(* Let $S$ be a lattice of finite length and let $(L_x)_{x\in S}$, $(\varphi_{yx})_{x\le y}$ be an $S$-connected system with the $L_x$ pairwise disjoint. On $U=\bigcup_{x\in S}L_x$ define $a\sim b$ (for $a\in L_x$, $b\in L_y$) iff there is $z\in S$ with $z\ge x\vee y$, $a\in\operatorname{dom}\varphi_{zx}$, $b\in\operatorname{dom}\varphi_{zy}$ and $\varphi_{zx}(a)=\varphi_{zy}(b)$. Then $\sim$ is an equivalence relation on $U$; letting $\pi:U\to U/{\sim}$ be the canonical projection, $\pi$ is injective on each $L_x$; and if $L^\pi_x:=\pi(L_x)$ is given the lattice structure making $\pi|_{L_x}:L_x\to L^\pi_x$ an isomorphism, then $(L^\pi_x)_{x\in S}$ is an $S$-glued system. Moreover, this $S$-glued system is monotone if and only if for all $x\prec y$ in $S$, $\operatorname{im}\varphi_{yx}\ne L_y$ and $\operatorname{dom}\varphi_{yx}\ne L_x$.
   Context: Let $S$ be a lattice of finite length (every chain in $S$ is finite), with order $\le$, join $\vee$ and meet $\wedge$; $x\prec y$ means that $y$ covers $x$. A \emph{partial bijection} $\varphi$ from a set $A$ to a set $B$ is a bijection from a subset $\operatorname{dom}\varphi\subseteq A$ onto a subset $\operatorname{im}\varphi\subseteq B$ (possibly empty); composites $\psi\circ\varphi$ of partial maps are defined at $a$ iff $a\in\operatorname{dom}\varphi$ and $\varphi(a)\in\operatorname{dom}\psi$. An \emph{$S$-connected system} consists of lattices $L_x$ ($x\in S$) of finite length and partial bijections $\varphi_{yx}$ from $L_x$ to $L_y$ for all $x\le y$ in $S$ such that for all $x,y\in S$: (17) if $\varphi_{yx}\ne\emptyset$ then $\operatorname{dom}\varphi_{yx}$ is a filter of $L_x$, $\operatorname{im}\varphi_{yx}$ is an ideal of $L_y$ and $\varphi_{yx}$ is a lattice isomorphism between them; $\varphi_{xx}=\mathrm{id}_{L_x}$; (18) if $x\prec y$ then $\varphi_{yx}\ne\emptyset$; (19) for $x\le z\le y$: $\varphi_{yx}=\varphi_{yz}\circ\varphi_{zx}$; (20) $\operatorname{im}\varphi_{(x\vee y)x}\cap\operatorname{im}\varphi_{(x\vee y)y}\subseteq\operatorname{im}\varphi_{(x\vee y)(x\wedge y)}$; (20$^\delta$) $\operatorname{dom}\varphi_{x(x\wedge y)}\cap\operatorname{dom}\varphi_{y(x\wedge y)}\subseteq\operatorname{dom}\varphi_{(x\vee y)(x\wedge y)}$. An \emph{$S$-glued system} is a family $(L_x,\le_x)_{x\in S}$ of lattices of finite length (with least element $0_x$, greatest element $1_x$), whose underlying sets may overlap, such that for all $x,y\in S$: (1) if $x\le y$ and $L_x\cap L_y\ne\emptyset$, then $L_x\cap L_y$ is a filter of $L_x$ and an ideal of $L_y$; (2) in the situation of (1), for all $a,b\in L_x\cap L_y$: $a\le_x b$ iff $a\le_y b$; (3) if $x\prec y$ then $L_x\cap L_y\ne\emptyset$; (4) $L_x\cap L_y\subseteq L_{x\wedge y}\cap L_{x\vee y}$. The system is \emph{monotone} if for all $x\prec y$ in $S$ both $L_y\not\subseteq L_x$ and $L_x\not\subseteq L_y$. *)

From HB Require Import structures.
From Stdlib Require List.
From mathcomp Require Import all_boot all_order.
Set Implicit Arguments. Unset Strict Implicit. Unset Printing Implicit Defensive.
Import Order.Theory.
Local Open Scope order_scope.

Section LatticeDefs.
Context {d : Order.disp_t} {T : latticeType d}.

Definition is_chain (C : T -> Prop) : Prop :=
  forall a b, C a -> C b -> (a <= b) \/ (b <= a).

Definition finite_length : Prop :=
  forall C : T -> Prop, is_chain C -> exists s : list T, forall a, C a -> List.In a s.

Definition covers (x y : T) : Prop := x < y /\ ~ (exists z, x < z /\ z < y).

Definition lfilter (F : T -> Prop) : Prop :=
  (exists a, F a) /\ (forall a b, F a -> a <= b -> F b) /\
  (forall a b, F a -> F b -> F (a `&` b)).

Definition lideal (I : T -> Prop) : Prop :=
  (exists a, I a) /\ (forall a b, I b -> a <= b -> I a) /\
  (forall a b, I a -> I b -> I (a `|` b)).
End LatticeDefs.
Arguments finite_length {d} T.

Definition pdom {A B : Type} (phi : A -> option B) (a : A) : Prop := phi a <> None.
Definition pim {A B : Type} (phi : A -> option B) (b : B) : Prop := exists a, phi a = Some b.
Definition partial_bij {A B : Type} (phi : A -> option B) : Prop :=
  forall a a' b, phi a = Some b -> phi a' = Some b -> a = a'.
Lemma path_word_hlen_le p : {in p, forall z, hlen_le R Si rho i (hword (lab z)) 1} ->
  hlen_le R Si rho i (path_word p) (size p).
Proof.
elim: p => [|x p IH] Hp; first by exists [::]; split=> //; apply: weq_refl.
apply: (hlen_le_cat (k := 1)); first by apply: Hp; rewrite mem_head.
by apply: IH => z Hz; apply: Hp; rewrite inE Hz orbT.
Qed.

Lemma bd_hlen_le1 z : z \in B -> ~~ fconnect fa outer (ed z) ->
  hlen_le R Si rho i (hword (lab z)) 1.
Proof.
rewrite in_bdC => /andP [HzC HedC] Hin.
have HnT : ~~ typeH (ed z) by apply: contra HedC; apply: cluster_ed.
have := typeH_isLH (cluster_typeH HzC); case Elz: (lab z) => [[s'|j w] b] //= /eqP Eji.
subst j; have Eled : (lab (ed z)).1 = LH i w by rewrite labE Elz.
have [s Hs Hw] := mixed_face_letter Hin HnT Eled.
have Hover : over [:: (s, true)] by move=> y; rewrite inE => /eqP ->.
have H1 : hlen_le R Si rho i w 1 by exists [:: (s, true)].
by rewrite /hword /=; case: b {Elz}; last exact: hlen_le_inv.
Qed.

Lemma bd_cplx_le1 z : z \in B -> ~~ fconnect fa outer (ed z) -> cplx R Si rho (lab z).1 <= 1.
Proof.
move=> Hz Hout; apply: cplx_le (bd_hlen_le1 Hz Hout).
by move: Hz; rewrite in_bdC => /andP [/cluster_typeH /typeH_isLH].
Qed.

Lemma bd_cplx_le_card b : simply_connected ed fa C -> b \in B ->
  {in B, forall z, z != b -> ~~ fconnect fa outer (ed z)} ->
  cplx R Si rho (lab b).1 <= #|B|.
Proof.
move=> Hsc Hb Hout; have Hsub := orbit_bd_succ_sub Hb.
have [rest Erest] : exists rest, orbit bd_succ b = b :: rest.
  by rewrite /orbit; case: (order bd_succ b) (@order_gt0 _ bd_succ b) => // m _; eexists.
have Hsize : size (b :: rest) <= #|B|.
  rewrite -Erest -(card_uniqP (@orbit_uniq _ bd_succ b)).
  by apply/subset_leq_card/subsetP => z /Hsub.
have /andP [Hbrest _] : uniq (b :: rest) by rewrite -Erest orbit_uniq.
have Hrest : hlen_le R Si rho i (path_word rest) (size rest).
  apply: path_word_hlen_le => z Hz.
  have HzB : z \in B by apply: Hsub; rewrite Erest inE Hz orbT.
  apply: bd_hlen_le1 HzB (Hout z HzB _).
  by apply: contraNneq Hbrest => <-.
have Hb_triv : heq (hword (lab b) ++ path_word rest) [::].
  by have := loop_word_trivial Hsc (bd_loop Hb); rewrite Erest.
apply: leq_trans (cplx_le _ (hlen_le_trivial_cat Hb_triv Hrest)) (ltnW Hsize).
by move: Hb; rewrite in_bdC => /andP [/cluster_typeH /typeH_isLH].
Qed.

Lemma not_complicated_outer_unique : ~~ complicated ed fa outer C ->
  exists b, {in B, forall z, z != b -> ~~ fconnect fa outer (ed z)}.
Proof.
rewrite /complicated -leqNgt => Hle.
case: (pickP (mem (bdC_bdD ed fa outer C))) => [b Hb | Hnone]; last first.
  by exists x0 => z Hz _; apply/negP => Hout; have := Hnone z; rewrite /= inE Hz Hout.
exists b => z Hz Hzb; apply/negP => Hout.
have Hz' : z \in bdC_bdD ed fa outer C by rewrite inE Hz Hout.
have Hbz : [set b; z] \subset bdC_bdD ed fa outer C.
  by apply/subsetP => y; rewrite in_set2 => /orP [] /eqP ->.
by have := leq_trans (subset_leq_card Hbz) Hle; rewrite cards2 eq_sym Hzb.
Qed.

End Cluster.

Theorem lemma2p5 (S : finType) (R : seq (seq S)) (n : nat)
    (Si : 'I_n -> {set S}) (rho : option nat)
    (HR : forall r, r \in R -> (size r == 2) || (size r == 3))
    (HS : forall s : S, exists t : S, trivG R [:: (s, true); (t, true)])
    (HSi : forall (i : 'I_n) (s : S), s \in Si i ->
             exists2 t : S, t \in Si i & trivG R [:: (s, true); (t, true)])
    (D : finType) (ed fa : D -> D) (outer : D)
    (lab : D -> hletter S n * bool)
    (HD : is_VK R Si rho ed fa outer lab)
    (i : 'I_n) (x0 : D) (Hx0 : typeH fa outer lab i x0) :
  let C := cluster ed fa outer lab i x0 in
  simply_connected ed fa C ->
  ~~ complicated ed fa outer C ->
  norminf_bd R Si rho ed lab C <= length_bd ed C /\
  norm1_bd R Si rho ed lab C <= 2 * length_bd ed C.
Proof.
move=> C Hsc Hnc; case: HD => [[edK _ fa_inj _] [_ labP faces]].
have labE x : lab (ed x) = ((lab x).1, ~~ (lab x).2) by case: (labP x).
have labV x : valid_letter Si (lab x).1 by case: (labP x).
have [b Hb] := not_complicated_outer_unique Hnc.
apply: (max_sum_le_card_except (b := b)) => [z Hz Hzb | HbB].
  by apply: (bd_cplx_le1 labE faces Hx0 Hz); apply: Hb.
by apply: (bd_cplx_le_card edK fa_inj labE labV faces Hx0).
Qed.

# [EXERCISE DESCRIPTION]
Give back, exactly as written, the stretch from the line with "apply: path_word_hlen_le => z Hz." through the line with "by apply: (bd_cplx_le_card", and no other lines from the records above.

# [RESPONSE]
  apply: path_word_hlen_le => z Hz.
  have HzB : z \in B by apply: Hsub; rewrite Erest inE Hz orbT.
  apply: bd_hlen_le1 HzB (Hout z HzB _).
  by apply: contraNneq Hbrest => <-.
have Hb_triv : heq (hword (lab b) ++ path_word rest) [::].
  by have := loop_word_trivial Hsc (bd_loop Hb); rewrite Erest.
apply: leq_trans (cplx_le _ (hlen_le_trivial_cat Hb_triv Hrest)) (ltnW Hsize).
by move: Hb; rewrite in_bdC => /andP [/cluster_typeH /typeH_isLH].
Qed.

Lemma not_complicated_outer_unique : ~~ complicated ed fa outer C ->
  exists b, {in B, forall z, z != b -> ~~ fconnect fa outer (ed z)}.
Proof.
rewrite /complicated -leqNgt => Hle.
case: (pickP (mem (bdC_bdD ed fa outer C))) => [b Hb | Hnone]; last first.
  by exists x0 => z Hz _; apply/negP => Hout; have := Hnone z; rewrite /= inE Hz Hout.
exists b => z Hz Hzb; apply/negP => Hout.
have Hz' : z \in bdC_bdD ed fa outer C by rewrite inE Hz Hout.
have Hbz : [set b; z] \subset bdC_bdD ed fa outer C.
  by apply/subsetP => y; rewrite in_set2 => /orP [] /eqP ->.
by have := leq_trans (subset_leq_card Hbz) Hle; rewrite cards2 eq_sym Hzb.
Qed.

End Cluster.

Theorem lemma2p5 (S : finType) (R : seq (seq S)) (n : nat)
    (Si : 'I_n -> {set S}) (rho : option nat)
    (HR : forall r, r \in R -> (size r == 2) || (size r == 3))
    (HS : forall s : S, exists t : S, trivG R [:: (s, true); (t, true)])
    (HSi : forall (i : 'I_n) (s : S), s \in Si i ->
             exists2 t : S, t \in Si i & trivG R [:: (s, true); (t, true)])
    (D : finType) (ed fa : D -> D) (outer : D)
    (lab : D -> hletter S n * bool)
    (HD : is_VK R Si rho ed fa outer lab)
    (i : 'I_n) (x0 : D) (Hx0 : typeH fa outer lab i x0) :
  let C := cluster ed fa outer lab i x0 in
  simply_connected ed fa C ->
  ~~ complicated ed fa outer C ->
  norminf_bd R Si rho ed lab C <= length_bd ed C /\
  norm1_bd R Si rho ed lab C <= 2 * length_bd ed C.
Proof.
move=> C Hsc Hnc; case: HD => [[edK _ fa_inj _] [_ labP faces]].
have labE x : lab (ed x) = ((lab x).1, ~~ (lab x).2) by case: (labP x).
have labV x : valid_letter Si (lab x).1 by case: (labP x).
have [b Hb] := not_complicated_outer_unique Hnc.
apply: (max_sum_le_card_except (b := b)) => [z Hz Hzb | HbB].
  by apply: (bd_cplx_le1 labE faces Hx0 Hz); apply: Hb.
by apply: (bd_cplx_le_card edK fa_inj labE labV faces Hx0).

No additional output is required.